I saw it as a little dig. A battle of the sex. It’s preposterous to think that a woman can be too glamorous to play, just like it’s crazy that a man might have his voice box to worry about. A very good question, nonetheless!

Think back to when Beth was being interviewed in her room, and then later her mother reads the article while they dine in a restaurant. Beth unhappily remarks that all the article cares about is that she's a girl. They don't really talk about her chess playing, remarking that they don't even mention that she plays the Sicilian. This is a reflection of prevailing cultural attitudes of the 60's, which were wildly sexist by present day standards: the woman's place was at the home, cooking and cleaning and raising children. The article reflected that she wasn't interesting because she was a remarkable chess player, but because she was a female doing well at a "male" activity. The interest was predicated upon her gender, not so much her skills and accomplishments. She knew that male players would not have received such a treatment, and she just wanted to be treated the same, and as an equal. To be respected.
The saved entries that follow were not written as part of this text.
Lemma optimal_2means_sym (S S1 S2 : seq point) :
  optimal_2means S S1 S2 -> optimal_2means S S2 S1.
Proof.
move=> [[pS [n1 n2]] opt]; split.
  by split => //; apply: perm_trans pS; rewrite perm_catC.
move=> A B [pAB [nA nB]]; rewrite addrC [X in _ <= X]addrC; apply: opt.
by split => //; apply: perm_trans pAB; rewrite perm_catC.
Qed.

(* The centroid of M ++ K is the |M|:|K| weighted mean of the centroids of M
   and K, so their offsets from it are inversely proportional to the sizes. *)
Lemma centroid_balance (M K : seq point) : M != [::] -> K != [::] ->
  (size K)%:R ^+ 2 * sqdist (centroid K) (centroid (M ++ K)) =
  (size M)%:R ^+ 2 * sqdist (centroid M) (centroid (M ++ K)) :> R.
Proof.
move=> Mn Kn; have nM := size_neq0 Mn; have nK := size_neq0 Kn.
have nMK : (size M)%:R + (size K)%:R != 0 :> R.
  by rewrite -natrD -size_cat size_neq0 // -size_eq0 size_cat addn_eq0 size_eq0 negb_and Mn.
rewrite /sqdist !mulr_sumr; apply: eq_bigr => k _.
rewrite !centroidE size_cat big_cat natrD /=; field.
by rewrite nMK nM nK.
Qed.

(* Comparing (S1, S2) with the partition obtained by moving a part M of S1
   over to S2 (S1 = M + K): the cost saved on K is paid back on M. *)
Lemma move_cost (S S1 S2 M K : seq point) : optimal_2means S S1 S2 ->
  perm_eq (M ++ K) S1 -> M != [::] -> K != [::] ->
  (size K)%:R * sqdist (centroid K) (centroid S1) +
  (size M)%:R * sqdist (centroid M) (centroid S1) <=
  (size M)%:R * sqdist (centroid M) (centroid S2).
Proof.
move=> [[pS [S1n S2n]] opt] pMK Mn Kn.
have moved : is_2partition S K (S2 ++ M).
  split; last by split => //; case: (S2) S2n.
  apply: perm_trans pS; apply: (@perm_trans _ (M ++ (K ++ S2))).
    by rewrite catA perm_catC.
  by rewrite catA perm_cat2r.
have cost1 : Delta1 S1 = \sum_(u <- M) sqdist u (centroid S1) +
                         \sum_(u <- K) sqdist u (centroid S1).
  by rewrite Delta1E -(perm_big _ pMK) big_cat.
have cost2 : Delta1 (S2 ++ M) <= Delta1 S2 + \sum_(u <- M) sqdist u (centroid S2).
  apply: le_trans (Delta1_le (centroid S2) _) _; first by case: (S2) S2n.
  by rewrite big_cat Delta1E.
have := opt K (S2 ++ M) moved.
rewrite cost1 (parallel_axis _ Mn) (parallel_axis _ Kn) -!Delta1E.
move: cost2; rewrite (parallel_axis _ Mn) -!Delta1E; lra.
Qed.

Lemma move_subcluster (S S1 S2 M K : seq point) : optimal_2means S S1 S2 ->
  perm_eq (M ++ K) S1 -> M != [::] ->
  (size S1)%:R * sqdist (centroid M) (centroid S1) <=
  (size K)%:R * sqdist (centroid M) (centroid S2).
Proof.
move=> opt pMK Mn.
have [Ke | Kn] := eqVneq K [::].
  move: pMK; rewrite Ke cats0 => /centroid_perm <-.
  by rewrite sqdistxx mulr0 mulr_ge0 ?sqdist_ge0.
have cost := move_cost opt pMK Mn Kn.
have balance := centroid_balance Mn Kn; rewrite (centroid_perm pMK) in balance.
rewrite -(perm_size pMK) size_cat natrD.
have kM : 0 < (size M)%:R :> R by rewrite ltr0n lt0n size_eq0.
have kK : 0 < (size K)%:R :> R by rewrite ltr0n lt0n size_eq0.
set k := (size M)%:R in cost balance kM *; set l := (size K)%:R in cost balance kK *.
set X := sqdist (centroid K) _ in cost balance.
set Y := sqdist (centroid M) (centroid S1) in cost balance *.
set Z := sqdist (centroid M) (centroid S2) in cost *.
rewrite -(ler_pM2l kM); nra.
Qed.

Lemma voronoi (S S1 S2 : seq point) x : optimal_2means S S1 S2 -> x \in S1 ->
  dist x (centroid S1) <= dist x (centroid S2).
Proof.
move=> opt xS1; set M := filter (pred1 x) S1; set K := filter (predC (pred1 x)) S1.
have Mn : M != [::].
  by rewrite -size_eq0 size_filter -lt0n -has_count; apply/hasP; exists x => /=.
have cM : centroid M = x.
  by apply: centroid_const => // u; rewrite mem_filter => /andP[/eqP].
have pMK : perm_eq (M ++ K) S1 by rewrite perm_filterC.
have moved := move_subcluster opt pMK Mn; rewrite cM in moved.
have sK : (size K)%:R <= (size S1)%:R :> R by rewrite ler_nat size_filter count_size.
have s0 : 0 < (size S1)%:R :> R by rewrite ltr0n lt0n size_eq0; case: (S1) xS1.
rewrite /dist ler_sqrt ?sqdist_ge0 // -(ler_pM2l s0); apply: le_trans moved _.
by rewrite ler_wpM2r ?sqdist_ge0.
Qed.

End Optimal2Means.

Section NearPoints.
Variables (R : realType) (m : nat) (gamma : R).
Hypotheses (gamma_gt0 : 0 < gamma) (gamma_le1 : gamma <= 1).
Notation point := 'rV[R]_m.

(* The fraction 4 gamma / (1 + gamma)^2 of a cluster that can be gamma-close
   to a point of the other cluster; it is 40/121 for gamma = 1/10. *)
Definition near_ratio : R := 4%:R * gamma / (1 + gamma) ^+ 2.

Lemma near_ratio_ge0 : 0 <= near_ratio.
Proof. by rewrite divr_ge0 ?sqr_ge0 // mulr_ge0 // ltW. Qed.

(* The arithmetic core of the counting bound: if k + l points sit at distance
   >= (1 - gamma) a from one centre and l of them would be at distance
   <= (1 + gamma) a from the other, the moving inequality bounds k. *)
Lemma near_ratio_bound (k l a u v : R) : 0 <= k -> 0 <= l -> 0 < a -> 0 <= v ->
  (1 - gamma) * a <= u -> v <= (1 + gamma) * a ->
  (k + l) * u ^+ 2 <= l * v ^+ 2 -> k <= near_ratio * (k + l).
Proof.
move=> k0 l0 a0 v0 far near moving.
have scaled : (k + l) * ((1 - gamma) * a) ^+ 2 <= l * ((1 + gamma) * a) ^+ 2.
  apply: le_trans (_ : (k + l) * u ^+ 2 <= _).
    by apply: ler_wpM2l; rewrite ?addr_ge0 // sqr_le // mulr_ge0 ?subr_ge0 // ltW.
  apply: (le_trans moving); apply: ler_wpM2l => //.
  by rewrite sqr_le.
have weighted : k * (1 + gamma) ^+ 2 <= 4%:R * gamma * (k + l).
  move: scaled; rewrite !exprMn (mulrA (k + l)) (mulrA l) ler_pM2r ?exprn_gt0 //.
  rewrite -subr_ge0 => scaled; rewrite -subr_ge0.
  by have <- : l * (1 + gamma) ^+ 2 - (k + l) * (1 - gamma) ^+ 2 =
               4%:R * gamma * (k + l) - k * (1 + gamma) ^+ 2 by ring.
rewrite /near_ratio -mulrA (mulrC _ (k + l)) mulrA ler_pdivlMr //.
by rewrite exprn_gt0 // addr_gt0.
Qed.

(* For x in the cluster S1 of an optimal 2-means partition, few points of
   S2 are within gamma d(x, c1) of x: their centroid mu is then close to x,
   hence close to c1 and far from c2, so moving them to S1 would pay off. *)
Lemma near_count (S S1 S2 : seq point) x : optimal_2means S S1 S2 -> x \in S1 ->
  (size (filter (fun y => dist x y < gamma * dist x (centroid S1)) S2))%:R
  <= near_ratio * (size S2)%:R.
Proof.
move=> opt xS1; set a := dist x (centroid S1); set P := (fun y => _).
set M := filter P S2; set K := filter (predC P) S2.
have [-> | Mn] := eqVneq M [::]; first by rewrite mulr_ge0 ?near_ratio_ge0.
have pMK : perm_eq (M ++ K) S2 by rewrite perm_filterC.
set mu := centroid M.
have mu_near : dist x mu < gamma * a.
  by apply: centroid_in_ball => // y; rewrite mem_filter => /andP[].
have a_gt0 : 0 < a.
  by rewrite -(pmulr_rgt0 _ gamma_gt0); apply: le_lt_trans (dist_ge0 x mu) mu_near.
have far_c2 : (1 - gamma) * a <= dist mu (centroid S2).
  have := voronoi opt xS1; have := dist_triangle x mu (centroid S2); rewrite -/a; lra.
have near_c1 : dist mu (centroid S1) <= (1 + gamma) * a.
  have := dist_triangle mu x (centroid S1); rewrite (distC mu x) -/a; lra.
have moving := move_subcluster (optimal_2means_sym opt) pMK Mn.
rewrite -!sqr_dist -(perm_size pMK) size_cat natrD in moving.
rewrite -(perm_size pMK) size_cat natrD.
exact: near_ratio_bound a_gt0 (dist_ge0 _ _) far_c2 near_c1 moving.
Qed.

End NearPoints.

Section SplitRevenue.
Variables (R : realType) (m : nat) (gamma : R).
Hypotheses (gamma_gt0 : 0 < gamma) (gamma_le1 : gamma <= 1).
Notation point := 'rV[R]_m.

Definition indicator (b : bool) : R := (b : nat)%:R.

Lemma sum_indicator (s : seq point) (P : pred point) :
  \sum_(j <- s) indicator (P j) = (size (filter P s))%:R.
Proof.
rewrite size_filter -sum1_count natr_sum [RHS]big_mkcond.
by apply: eq_bigr => j _; case: (P j).
Qed.

Lemma rev_pair_ge0 (S1 S2 : seq point) i j : 0 <= rev_pair S1 S2 i j.
Proof.
rewrite /rev_pair; case: ifP => // _.
by rewrite le_min ler01 andbT divr_ge0 ?dist_ge0 // le_max dist_ge0.
Qed.

Lemma rev_pair_le1 (S1 S2 : seq point) i j : rev_pair S1 S2 i j <= 1.
Proof. by rewrite /rev_pair; case: ifP => // _; rewrite ge_min lexx orbT. Qed.

Lemma rev_pair_lb (S1 S2 : seq point) i j :
  gamma * (1 - indicator (dist i j < gamma * dist i (centroid S1))
             - indicator (dist i j < gamma * dist j (centroid S2)))
  <= rev_pair S1 S2 i j.
Proof.
rewrite /indicator; case: ltP => hA; case: ltP => hB /=;
  rewrite ?mulr1n ?mulr0n ?subr0;
  try by apply: le_trans (rev_pair_ge0 _ _ _ _); rewrite pmulr_rle0 //; lra.
rewrite mulr1 /rev_pair; case: eqP => [_ | delta_neq0] //.
have delta_gt0 : 0 < Num.max (dist i (centroid S1)) (dist j (centroid S2)).
  by rewrite lt_neqAle eq_sym; apply/andP; split; [apply/eqP | rewrite le_max dist_ge0].
by rewrite le_min gamma_le1 andbT ler_pdivlMr // maxr_pMr ?ge_max ?hA ?hB // ltW.
Qed.

Lemma sum_sub2 (s : seq point) (c : R) (F G : point -> R) :
  \sum_(u <- s) (c - F u - G u) =
  (size s)%:R * c - \sum_(u <- s) F u - \sum_(u <- s) G u.
Proof. by rewrite !sumrB sum_const_seq. Qed.

Lemma rev_split_lb (S S1 S2 : seq point) : optimal_2means S S1 S2 ->
  gamma * (1 - 2%:R * near_ratio gamma) * ((size S1)%:R * (size S2)%:R)
  <= rev_split S1 S2.
Proof.
move=> opt; set n1 := (size S1)%:R; set n2 := (size S2)%:R; set r := near_ratio gamma.
set A := fun i j => indicator (dist i j < gamma * dist i (centroid S1)).
set B := fun i j => indicator (dist i j < gamma * dist j (centroid S2)).
have rows : \sum_(i <- S1) \sum_(j <- S2) A i j <= r * (n1 * n2).
  rewrite mulrCA -sum_const_seq big_seq [X in _ <= X]big_seq; apply: ler_sum => i iS1.
  by rewrite sum_indicator (near_count gamma_gt0 gamma_le1 opt iS1).
have cols : \sum_(i <- S1) \sum_(j <- S2) B i j <= r * (n1 * n2).
  rewrite exchange_big (mulrC n1) mulrCA -sum_const_seq big_seq [X in _ <= X]big_seq.
  apply: ler_sum => j jS2; under eq_bigr do rewrite /B distC.
  by rewrite sum_indicator (near_count gamma_gt0 gamma_le1 (optimal_2means_sym opt) jS2).
apply: le_trans (_ : \sum_(i <- S1) \sum_(j <- S2) gamma * (1 - A i j - B i j) <= _).
  rewrite (eq_bigr (fun i => gamma * (n2 - \sum_(j <- S2) A i j - \sum_(j <- S2) B i j))).
    rewrite -mulr_sumr sum_sub2 -/n1 -mulrA; apply: ler_wpM2l; first exact: ltW.
    by move: rows cols; lra.
  by move=> i _; rewrite -mulr_sumr sum_sub2 mulr1.
by apply: ler_sum => i _; apply: ler_sum => j _; apply: rev_pair_lb.
Qed.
There are many other signals of the sexist attitudes and barriers that Beth works against from the very beginning all throughout the series, going all the way back to when she registered for her first tournament (and even slightly before then, when her adoptive mother rejects the notion of her working to help get some money for them; or long before then if we count the bleak lessons we see her biological mother teach her in flashbacks).

So the question from the press conference you refer to reflects that this is an ongoing problem for Beth, and that the press (or whoever holds the views the reporter inquires about) still view her through the lens of femininity. In particular, since women aren't supposed to be suited for this sort of thing, she must be struggling against some intrinsic "female" characteristic that naturally holds women back. The quality of "glamorous" here is just a dog whistle for "woman", signaling her intrinsic inadequacy.

So she wittily retorts back that it must be easier to play without an Adam's apple, which is a visible, characteristic male trait. So she inverts these presumptions by, in some sense, saying that if "being glamorous" is somehow a detriment to one's ability to play chess, then the only explanation for her success and ability is that men must suffer from some other disability that cancels out her "glamour" one.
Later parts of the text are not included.